Christine Holgate to head delivery rival Global Express
- Written by Paul Alexander, Adjunct Reseach Fellow (Supply Chains), Curtin University
“This is the one thing we didn’t want to happen.”
That line – from the satirical British current affairs television program BrassEye – could easily be reverberating through federal government offices this week.
Yesterday the news dropped that Christine Holgate, the Australia Post chief executive pushed so roughly from her job by the Morrison government, has a new job with a rival delivery company.
Holgate resigned last November, after Prime Mnister Scott Morrison told parliament she been told to stand aside over the “optics” of rewarding four senior managers with luxury watches, worth about $20,000 – and “if she doesn’t wish to do that, she can go”.
Now Holgate has gone to a new role as chief executive of parcel-delivery competitor Global Express.
Her appointment, just a week after the expiry of her non-compete clause with Australia Post, is a gift for the new owners of Global Express, a former division of well-known Australian transport company Toll Holdings that has been struggling to find profitability.

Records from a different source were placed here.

Lemma jointly_continuous_retime G psi :
  jointly_continuous G -> square_unif_continuous (fun _ s => psi s) ->
  (forall s, 0 <= s <= 1 -> 0 <= psi s <= 1) ->
  jointly_continuous (fun t s => G t (psi s)).
Proof.
  intros HG Hpsi Hrange.
  replace (fun t s => G t (psi s)) with (fun t s => G (set_first t (cpt t 0)) (psi s))
    by (extensionality t; extensionality s; rewrite set_first_cpt; reflexivity).
  apply (jointly_continuous_reparam G (fun x _ => x) (fun _ s => psi s)); auto.
  apply bilinear_unif_continuous; intros; cbv beta; ring.
Qed.

Lemma jointly_continuous_paste h c F1 F2 :
  square_unif_continuous h -> jointly_continuous F1 -> jointly_continuous F2 ->
  (forall t s, 0 <= s <= 1 -> h (cpt t 0) s = c -> F1 t s = F2 t s) ->
  jointly_continuous (fun t s => if Rle_dec (h (cpt t 0) s) c then F1 t s else F2 t s).
Proof.
  intros Hh H1 H2 Hseam t s eps Hs Heps.
  destruct (H1 t s eps Hs Heps) as [d1 [Hd1 P1]].
  destruct (H2 t s eps Hs Heps) as [d2 [Hd2 P2]].
  destruct (unif_continuous_sign_stable h c _ _ Hh (cpt_first_in_unit t) Hs) as [d3 [Hd3 Hsign]].
  set (u := Rmin d1 (Rmin d2 d3)).
  assert (Hu1 : u <= d1) by apply Rmin_l.
  assert (Hu2 : u <= d2) by (eapply Rle_trans; [apply Rmin_r | apply Rmin_l]).
  assert (Hu3 : u <= d3) by (eapply Rle_trans; [apply Rmin_r | apply Rmin_r]).
  exists u; split; [repeat apply Rmin_pos; assumption|].
  intros t' s' Hs' Hclose Hds.
  assert (Hclose' : forall del, u <= del ->
            forall i, (i < n)%nat -> Rabs (cpt t' i - cpt t i) < del)
    by (intros del Hdel i Hi; specialize (Hclose i Hi); lra).
  destruct (Hsign (cpt t' 0) s' (cpt_first_in_unit t') Hs') as [Hneg Hpos];
    [apply (Hclose' d3 Hu3 0%nat n_pos) | lra |].
  destruct (Rle_dec (h (cpt t' 0) s') c), (Rle_dec (h (cpt t 0) s) c).
  - apply P1; auto; lra.
  - lra.
  - destruct (Req_dec (h (cpt t 0) s) c) as [Hon | Hoff]; [|lra].
    rewrite (Hseam t s Hs Hon). apply P2; auto; lra.
  - apply P2; auto; lra.
Qed.

Definition concat (theta : R) (f g : cube n -> X) (t : cube n) : X :=
  if Rle_dec (cpt t 0) theta then f (set_first t (cpt t 0 / theta))
  else g (set_first t ((cpt t 0 - theta) / (1 - theta))).

Definition reverse (f : cube n -> X) (t : cube n) : X := f (set_first t (1 - cpt t 0)).

Definition hconcat theta (F G : cube n -> R -> X) (t : cube n) (s : R) : X :=
  concat theta (fun t' => F t' s) (fun t' => G t' s) t.

Definition hreverse (F : cube n -> R -> X) (t : cube n) (s : R) : X :=
  reverse (fun t' => F t' s) t.

Lemma hconcat_continuous theta F G : 0 < theta < 1 ->
  jointly_continuous F -> jointly_continuous G ->
  (forall t s, 0 <= s <= 1 -> F (set_first t 1) s = G (set_first t 0) s) ->
  jointly_continuous (hconcat theta F G).
Proof.
  intros Htheta HF HG Hseam. unfold hconcat, concat.
  apply (jointly_continuous_paste (fun x _ => x) theta
           (fun t s => F (set_first t (cpt t 0 / theta)) s)
           (fun t s => G (set_first t ((cpt t 0 - theta) / (1 - theta))) s)).
  - apply bilinear_unif_continuous; intros; cbv beta; ring.
  - apply (jointly_continuous_respace F (fun x _ => x / theta)); [exact HF|].
    apply bilinear_unif_continuous; intros; cbv beta; field; lra.
  - apply (jointly_continuous_respace G (fun x _ => (x - theta) / (1 - theta))); [exact HG|].
    apply bilinear_unif_continuous; intros; cbv beta; field; lra.
  - intros t s Hs Ht; cbv beta in Ht; rewrite Ht.
    replace (theta / theta) with 1 by (field; lra).
    replace ((theta - theta) / (1 - theta)) with 0 by (field; lra).
    apply Hseam, Hs.
Qed.

Lemma hconcat_fixes_boundary theta F G : 0 < theta < 1 ->
  fixes_side_faces F -> fixes_side_faces G ->
  (forall t s, 0 <= s <= 1 -> F (set_first t 0) s = x0) ->
  (forall t s, 0 <= s <= 1 -> G (set_first t 1) s = x0) ->
  fixes_boundary (hconcat theta F G).
Proof.
  intros Htheta HF HG HF0 HG1 t s Hs Ht. unfold hconcat, concat.
  destruct (on_boundary_cases t Ht) as [E | [E | Hside]]; rewrite ?E.
  - destruct Rle_dec; [|lra]. replace (0 / theta) with 0 by (field; lra). apply HF0, Hs.
  - destruct Rle_dec; [lra|]. replace ((1 - theta) / (1 - theta)) with 1 by (field; lra).
    apply HG1, Hs.
  - destruct Rle_dec; [apply HF | apply HG]; auto; apply side_face_set_first, Hside.
Qed.

Lemma hreverse_continuous F : jointly_continuous F -> jointly_continuous (hreverse F).
Proof.
  intros HF. apply (jointly_continuous_respace F (fun x _ => 1 - x)); [exact HF|].
  apply bilinear_unif_continuous; intros; cbv beta; ring.
Qed.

If anyone can help turn around Global Express’s fortunes in Australia’s parcel-delivery market, Holgate can. Doing so will cost Australia Post, and Australian taxpayers.
A direct competitor
Until last month Global Express was one of three divisions of Toll Group, the Australian transport company that began in Newcastle in 1888. Its business has involved express parcel, freight delivery and domestic forwarding services in Australia, and transport and contract logistics services in New Zealand.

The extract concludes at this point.